In those pre-internet days of the late 1980's, when bands got dropped, unless you were very tenacious in keeping up with their careers, you never knew what happened to them.

Thus, when power pop act Great Buildings disappeared in the early '80s after one album for Columbia, this fan was left to wonder what happened to its members until a copy of this album landed in the cut-out bins alongside a copy of his previous Geffen release, Any Man's Hunger.
Considering that I would also find his very first solo record, The Boyfriend, in yet another cut-out bin a week or so later, I not only caught up on Wilde's activities for the past seven years, but I also procured his entire solo output (three albums) for the princely sum of $8.

Considering that acts like Henry Lee Summer and other heartland rockers were all over the charts in those days, one is left wondering how the hell Danny Wilde (the album) failed to even chart.

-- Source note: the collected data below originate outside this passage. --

Lemma ln2_le : ln (2 : R) <= 3 / 4.
Proof.
rewrite -ler_expR lnK ?posrE //.
apply: (@expR_ge_sqr _ (143 / 100)); [lra | | by rewrite expr2; lra].
apply: (@expR_ge_sqr _ (1196 / 1000)); [lra | | by rewrite expr2; lra].
apply: (@expR_ge_sqr _ (35 / 32)); [lra | | by rewrite expr2; lra].
by apply: le_trans (expR_ge1Dx _); lra.
Qed.

End Ln2.

Lemma ler_sum_nneg_subset {R : numDomainType} (I : finType) (P Q : pred I) (F : I -> R) :
  (forall i, 0 <= F i) -> (forall i, P i -> Q i) ->
  \sum_(i | P i) F i <= \sum_(i | Q i) F i.
Proof.
move=> F0 PQ; rewrite [leLHS]big_mkcond [leRHS]big_mkcond ler_sum // => i _.
by case: ifP => [/PQ -> //|_]; case: ifP.
Qed.

Section Distribution.
Context {R : realType} {n : nat} {p : 'I_n -> R}.
Hypotheses (p_ge0 : forall r, 0 <= p r) (p_sum1 : \sum_r p r = 1).

Lemma mass_le1 (A : pred 'I_n) : \sum_(r | A r) p r <= 1.
Proof. by rewrite -p_sum1 ler_sum_nneg_subset. Qed.

Lemma prob_le1 r : p r <= 1.
Proof. by have := mass_le1 (pred1 r); rewrite big_pred1_eq. Qed.

Lemma tauf_complE k : 1 - tauf k p = \sum_r p r * (1 - p r) ^+ k.
Proof. by rewrite /tauf opprB addrC subrK. Qed.

Lemma tauf_compl_ge0 k : 0 <= 1 - tauf k p.
Proof.
by rewrite tauf_complE sumr_ge0 // => r _; rewrite mulr_ge0 ?exprn_ge0 ?subr_ge0 ?prob_le1.
Qed.

Lemma mass_le_tauf_compl k (A : pred 'I_n) (a : R) :
  a <= 1 -> (forall r, A r -> p r <= a) ->
  (1 - a) ^+ k * \sum_(r | A r) p r <= 1 - tauf k p.
Proof.
move=> a1 hA; rewrite tauf_complE [leRHS](bigID A) /= mulr_sumr -[leLHS]addr0.
apply: lerD; last first.
  by rewrite sumr_ge0 // => r _; rewrite mulr_ge0 ?exprn_ge0 ?subr_ge0 ?prob_le1.
apply: ler_sum => r Ar; rewrite mulrC ler_wpM2l // lerXn2r ?nnegrE ?subr_ge0 ?prob_le1 //.
by rewrite lerD2l lerN2 hA.
Qed.

Lemma tauf_compl_le_gammaf k (a : R) :
  1 <= a -> 1 - tauf k p <= gammaf a p + (1 - gammaf a p) * (1 - a^-1) ^+ k.
Proof.
move=> a1; have ia1 : a^-1 <= 1 by rewrite invf_le1 // (lt_le_trans ltr01).
have -> : 1 - gammaf a p = \sum_(r | ~~ (p r <= a^-1)) p r.
  rewrite /gammaf -[X in X - _ = _]p_sum1 (bigID (fun r => p r <= a^-1)) /=.
  by rewrite addrAC subrr add0r.
rewrite tauf_complE (bigID (fun r => p r <= a^-1)) /= mulr_suml.
apply: lerD; apply: ler_sum => r hr.
  by rewrite -[leRHS]mulr1 ler_wpM2l // exprn_ile1 ?subr_ge0 ?prob_le1 // gerBl.
rewrite ler_wpM2l // lerXn2r ?nnegrE ?subr_ge0 ?prob_le1 //.
by rewrite lerD2l lerN2 ltW // ltNge.
Qed.

End Distribution.

Definition hits {nR N : nat} (A : pred 'I_nR) (s : {ffun 'I_N -> 'I_nR}) : nat :=
  #|[set j | A (s j)]|.

Section IidSampling.
Context {R : realType} {nR N : nat} {rho : 'I_nR -> R}.
Hypotheses (rho_ge0 : forall r, 0 <= rho r) (rho_sum1 : \sum_r rho r = 1).

Local Notation sample := {ffun 'I_N -> 'I_nR}.
Local Notation weight s := (\prod_(j < N) rho (s j)).
Local Notation Pr := (iid_prob N rho).

Lemma sum_sample_prod (F : 'I_nR -> R) :
  \sum_(s : sample) \prod_(j < N) F (s j) = (\sum_r F r) ^+ N.
Proof. by rewrite -(bigA_distr_bigA (fun _ => F)) prodr_const card_ord. Qed.

Lemma iid_probE (E : sample -> Prop) : Pr E = \sum_(s : sample) weight s * (`[< E s >])%:R.
Proof.
rewrite /iid_prob big_mkcond; apply: eq_bigr => s _.
by case: ifP => _; rewrite ?mulr1 ?mulr0.
Qed.

Lemma iid_prob_compl (E : sample -> Prop) : Pr E + Pr (fun s => ~ E s) = 1.
Proof.
transitivity (\sum_(s : sample) weight s); last by rewrite sum_sample_prod rho_sum1 expr1n.
rewrite !iid_probE -big_split /=; apply: eq_bigr => s _; rewrite -mulrDr.
by case: asboolP => e; case: asboolP => ne; rewrite ?addr0 ?add0r ?mulr1 //; tauto.
Qed.

Lemma iid_prob_le_expect (E : sample -> Prop) (g : sample -> R) :
  (forall s, 0 <= g s) -> (forall s, E s -> 1 <= g s) ->
  Pr E <= \sum_(s : sample) weight s * g s.
Proof.
move=> g0 gE; rewrite iid_probE; apply: ler_sum => s _.
by rewrite ler_wpM2l ?prodr_ge0 //; case: asboolP => [/gE|].
Qed.

Lemma iid_prob_union_bound (E G : sample -> Prop) (P : pred 'I_nR)
    (F : 'I_nR -> sample -> Prop) :
  (forall s, E s -> G s \/ exists2 r, P r & F r s) ->
  Pr E <= Pr G + \sum_(r | P r) Pr (F r).
Proof.
move=> cover; rewrite !iid_probE.
under [X in _ <= _ + X]eq_bigr do rewrite iid_probE.
rewrite exchange_big -big_split /=; apply: ler_sum => s _.
rewrite -mulr_sumr -mulrDr ler_wpM2l ?prodr_ge0 //.
have F0 : 0 <= \sum_(r | P r) (`[< F r s >])%:R :> R by rewrite sumr_ge0.
case: asboolP => [/cover [Gs|[r Pr_r Frs]]|_]; last by rewrite addr_ge0.
  by case: asboolP => // _; rewrite /= mulr1n lerDl.
rewrite (bigD1 r) //=; case: (asboolP (F r s)) => // _.
by rewrite mulr1n addrCA lerDl addr_ge0 ?ler0n ?sumr_ge0.
Qed.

Sure, the songs will never appeal to the Pazz and Jop crowd, but if a tune like "California Sunshine" (that, with lines like "Go to jail, make bail, have another cocktail", celebrated '80s Cali debauchery in all its wholesome glory) doesn't at least dent the Top 40, then something is definitely wrong with this picture.

I'll be the first to admit that I skip right past "Velvet Chains" every time - not because it's an awful song, but because its chorus sticks in my head for months afterwards. I can't even risk posting the song here for fear of that sticky hook burrowing its way into my head.

The rest of the album is as solid as it gets though, but good luck hearing for yourself, as this album isn't on Spotify and not all tracks can be found on YouTube.

Perhaps try your local cut-out bin. :)


Hoodoo Gurus - Magnum Cum Louder

Beginning with 1984's Stoneage Romeos, one would listen to a Hoodoo Gurus record and marvel at the stunning pop craftsmanship, the flawless production, the spirited performances, and think that there was no way the same band could surpass it, then they'd release Mars Needs Guitars and prove themselves capable of improving upon perfection.

Third album Blow Your Cool saw Elektra looking for ways to sneak the band into the Top 40, like inviting the Bangles to sing back-up on "Good Times" and "Party Machine", but all that did was get the band dropped when it didn't work.

Oh, it did one more thing by firing the band up to make one more damn perfect album in Magnum Cum Louder; a record whose only mistake was being released in the States by RCA Records.

The lead-off cut "Come Anytime" is the sort of song that guys like Burt Bacharach dream about writing, yet, despite a shit-ton of modern rock radio airplay, didn't chart as a commercial pop single.

That's right, it didn't even chart, leading the band them,selves to ask by album's end "Where's That Hit?"


Chris Isaak - Heart Shaped World

At the time of this album's release, I wasn't what you might call a Chris Isaak fan, but I appreciated what he was trying to do on his self-titled debut effort and made a mental note to keep up with his new music.

To my ears, Isaak had arrived almost fully developed on his first record while his second record actually managed to fulfill any leftover promise from the first, leaving him with nothing to do on his third album but repeat himself, right?

Wrong.

Turns out Mr. Isaak wasn't as much of a one-trick pony as we suspected and actually managed to write one of the great songs of the 20th century, "Wicked Game".

Remove "Wicked Game" from this album and Chris Isaak's career goes a completely different direction, but that's no fault of Isaak, who wrote his fucking ass off for this record and, for once, the world actually listened.